In addition to the technical focus of the book, it features anecdotes from 11 machine learning experts. Each shared an anecdote about data-related problems they encountered building and evaluating machine learning models in real-world situations. Their stories tell us something important about machine learning leadership more broadly, with each anecdote tying into a lesson about running successful data science projects.
The 11 experts in Machine Learning featured in Human-in-the-Loop Machine Learning. (All images used with the permission of each expert and repeated below with their individual anecdotes)
The experts were selected by two criteria: they have all founded successful machine learning companies and they all worked directly on the data side of machine learning. They are all good role models for people considering careers in machine learning: Ayanna Howard, Daniela Braga, Elena Grewal, Ines Montani, Jennifer Prendki, Jia Li, Kieran Snyder, Lisa Braden-Harder, Matthew Honnibal, Peter Skomoroch, and Radha Basu. If you are early in your career and struggling to create good data for your models, then I hope you can relate to many of the anecdotes in the book, which are shared here:
“Parents are the perfect subject matter experts”

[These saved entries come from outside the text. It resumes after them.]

Lemma tower_seq_inH n g : inH (tower_seq n g).
Proof.
  split; [|exists (S n); apply tower_seq_above; lia].
  intro i. destruct (lt_eq_lt_dec i n) as [[Hi| ->]|Hi].
  - exists (tower_seq n g (S i)). split; [|apply ole_refl].
    right. exists ozero. rewrite ozero_oadd. exact (tower_seq_below g Hi).
  - destruct (ell_ex (tower_seq n g n)) as [b Hb]. exists b. split; [exact Hb|].
    rewrite tower_seq_above by lia. apply ozero_le.
  - exists ozero. rewrite !tower_seq_above by lia. split; [now left | apply ole_refl].
Qed.

Lemma Srel_tower_seq n g z : inH z -> g <o z n -> Srel L n z (tower_seq n g).
Proof.
  intros [Hz _] Hg. split.
  - assert (Hd : forall d m, m + d = n -> tower_seq n g m <o z m).
    { induction d as [|d IH]; intros m Hm.
      - replace m with n by lia. now rewrite tower_seq_at.
      - rewrite tower_seq_below by lia.
        specialize (IH (S m) ltac:(lia)).
        destruct (Hz m) as [b [[[Hzm ->]|[g' Hzm]] Hle]].
        + exfalso. exact (ozero_least L _ (olt_le_trans IH Hle)).
        + rewrite Hzm. apply (olt_le_trans (oexp_lt (olt_le_trans IH Hle))).
          apply oadd_ge_r. }
    intros m Hm. apply (Hd (n - m)). lia.
  - intros i Hi. rewrite tower_seq_above by exact Hi. apply ozero_le.
Qed.

Lemma Siter_tower_seq n b z :
  b <> ozero -> inH z -> b <=o z n -> Siter L n b z (tower_seq n ozero).
Proof.
  revert z. induction b as [b IH] using (well_founded_ind (olt_wf L)).
  intros z Hb Hz Hbz. apply Siter_unfold. right. split; [exact Hb|].
  intros c Hc. exists (tower_seq n c). split; [apply tower_seq_inH|].
  split; [exact (Srel_tower_seq Hz (olt_le_trans Hc Hbz))|].
  destruct (classic (c = ozero)) as [->|Hc0].
  - apply Siter_unfold. now left.
  - apply (IH c Hc _ Hc0 (tower_seq_inH n c)). rewrite tower_seq_at. apply ole_refl.
Qed.

Fixpoint diamonds (x : nat -> L) (k : nat) : formula L :=
  match k with
  | 0 => FTop L
  | S k => FAnd (FDia k (x k) (FTop L)) (diamonds x k)
  end.

Lemma forces_diamonds x k : inH x -> forces x (diamonds x k).
Proof.
  intro Hx. induction k as [|k IH]; [exact I|]. split; [|exact IH].
  destruct (classic (x k = ozero)) as [Hk|Hk].
  - exists x. split; [exact Hx|]. split; [|exact I]. apply Siter_unfold. now left.
  - exists (tower_seq k ozero). split; [apply tower_seq_inH|]. split; [|exact I].
    exact (Siter_tower_seq Hk Hx (ole_refl _)).
Qed.
(* Assume (A1)–(A3), the latent index model (LI) below, and that $\Gamma^{Wald}$ is positive definite. Let $w^P$ be the MTE weight function of a policy that changes the propensity score distribution. Then there exists a unique $$\omega^{PRTE}=\arg\min_{\omega\in\mathcal S}\omega'\Gamma^{Wald}\omega,\qquad\text{where}\quad\mathcal S=\arg\min_{\omega\in\Delta^{L-1}}\int_0^1\bigl[\bar h(u;\omega)-w^P(u)\bigr]^2du.$$
   Context: Observe i.i.d. $(Y_i,D_i,\mathbf Z_i)$, $Y_i\in\mathbb R$, $D_i\in\{0,1\}$, $\mathbf Z_i=(Z_{1i},\dots,Z_{Li})'\in\{0,1\}^L$, $L\ge2$; potential outcomes $Y_i(0),Y_i(1)$, compliance type $D_i(\cdot):\{0,1\}^L\to\{0,1\}$, $D_i=D_i(\mathbf Z_i)$, $Y_i=D_iY_i(1)+(1-D_i)Y_i(0)$. $p_\ell=P(Z_{\ell i}=1)$, $\pi_\ell,\rho_\ell$ the differences of $\mathbb E[D_i\mid Z_{\ell i}=z]$, $\mathbb E[Y_i\mid Z_{\ell i}=z]$ between $z=1,0$, $\mathrm{Wald}_\ell=\rho_\ell/\pi_\ell$, $\gamma_\ell=\mathrm{Cov}(D_i,Z_{\ell i})$, $\Sigma_Z=\mathrm{Var}(\mathbf Z_i)$. $\Gamma^{Wald}_{\ell k}=\mathbb E[\tilde\epsilon_{i,\ell}\tilde\epsilon_{i,k}(Z_{\ell i}-p_\ell)(Z_{ki}-p_k)]/(\gamma_\ell\gamma_k)$, $\tilde\epsilon_{i,\ell}=Y_i-\mathrm{Wald}_\ell D_i-(\mathbb E[Y_i]-\mathrm{Wald}_\ell\mathbb E[D_i])$. $\Delta^{L-1}$ is the probability simplex in $\mathbb R^L$. (LI): $D_i=\mathbf 1\{V(\mathbf Z_i)\ge U_i\}$, $U_i\sim\mathrm{Uniform}(0,1)$ conditional on potential outcomes; $p(z)=V(z)=P(D_i=1\mid\mathbf Z_i=z)$; $h_\ell(u)=\dfrac{P(p(\mathbf Z_i)\ge u\mid Z_{\ell i}=1)-P(p(\mathbf Z_i)\ge u\mid Z_{\ell i}=0)}{\mathbb E[p(\mathbf Z_i)\mid Z_{\ell i}=1]-\mathbb E[p(\mathbf Z_i)\mid Z_{\ell i}=0]}$, $\bar h(u;\omega)=\sum_\ell\omega_\ell h_\ell(u)$. A policy moving the instrument distribution from $F_0$ to $F_1$ has weight $w^P(u)=(F_0(u)-F_1(u))/\int_0^1(F_0(s)-F_1(s))ds$, where $F_j(u)=P(p(\mathbf Z_i)\ge u\mid\text{policy }j)$ (denominator assumed nonzero). Assumptions: (A1) $(Y_i(0),Y_i(1),D_i(\cdot))$ independent of $\mathbf Z_i$. (A2) $D_i(z)$ nondecreasing in each coordinate for every $i$. (A3) $p_\ell>0$, $\pi_\ell>0$ for all $\ell$; $\Sigma_Z$ positive definite. *)

From HB Require Import structures.
From mathcomp Require Import all_boot all_order all_algebra.
From mathcomp Require Import all_classical all_reals all_analysis.
Set Implicit Arguments. Unset Strict Implicit. Unset Printing Implicit Defensive.
Import Order.TTheory GRing.Theory Num.Theory.
Import numFieldNormedType.Exports.
Local Open Scope classical_set_scope.
Local Open Scope ring_scope.

Definition bvec (L : nat) := {ffun 'I_L -> bool}.
(* compliance types D_i(.) : {0,1}^L -> {0,1} *)
Definition ctype (L : nat) := {ffun bvec L -> bool}.

Section Model.
Context {R : realType} {d : measure_display} {T : measurableType d}
  (P : probability T R) {L : nat}.
Context (Z : T -> bvec L) (Dt : T -> ctype L) (Y0 Y1 : T -> R).

Definition Ex (X : T -> R) : R := fine ('E_P[X])%E.
Definition Pr (A : set T) : R := fine (P A).
Definition Cov (X X' : T -> R) : R := fine (covariance P X X').
Definition condE (X : T -> R) (A : set T) : R :=
  Ex (fun w => X w * \1_A w) / Pr A.
Definition condPr (A B : set T) : R := Pr (A `&` B) / Pr B.

Definition Dobs (w : T) : R := (Dt w (Z w))%:R.
Definition Yobs (w : T) : R := Dobs w * Y1 w + (1 - Dobs w) * Y0 w.
Definition Zr (l : 'I_L) (w : T) : R := (Z w l)%:R.
Definition Zeq (l : 'I_L) (b : bool) : set T := [set w | Z w l = b].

Models about people are rarely accurate for people that are not represented in the data. There are many demographic biases that can lead to people being under-represented, like ability, age, ethnicity, and gender. And there are often intersectional biases, too: if people are under-represented across multiple demographics, then sometimes the intersection of those demographics is more than the sum of the parts. Even if you do have the data, it might be difficult to find annotators with the right experience to correctly annotate it.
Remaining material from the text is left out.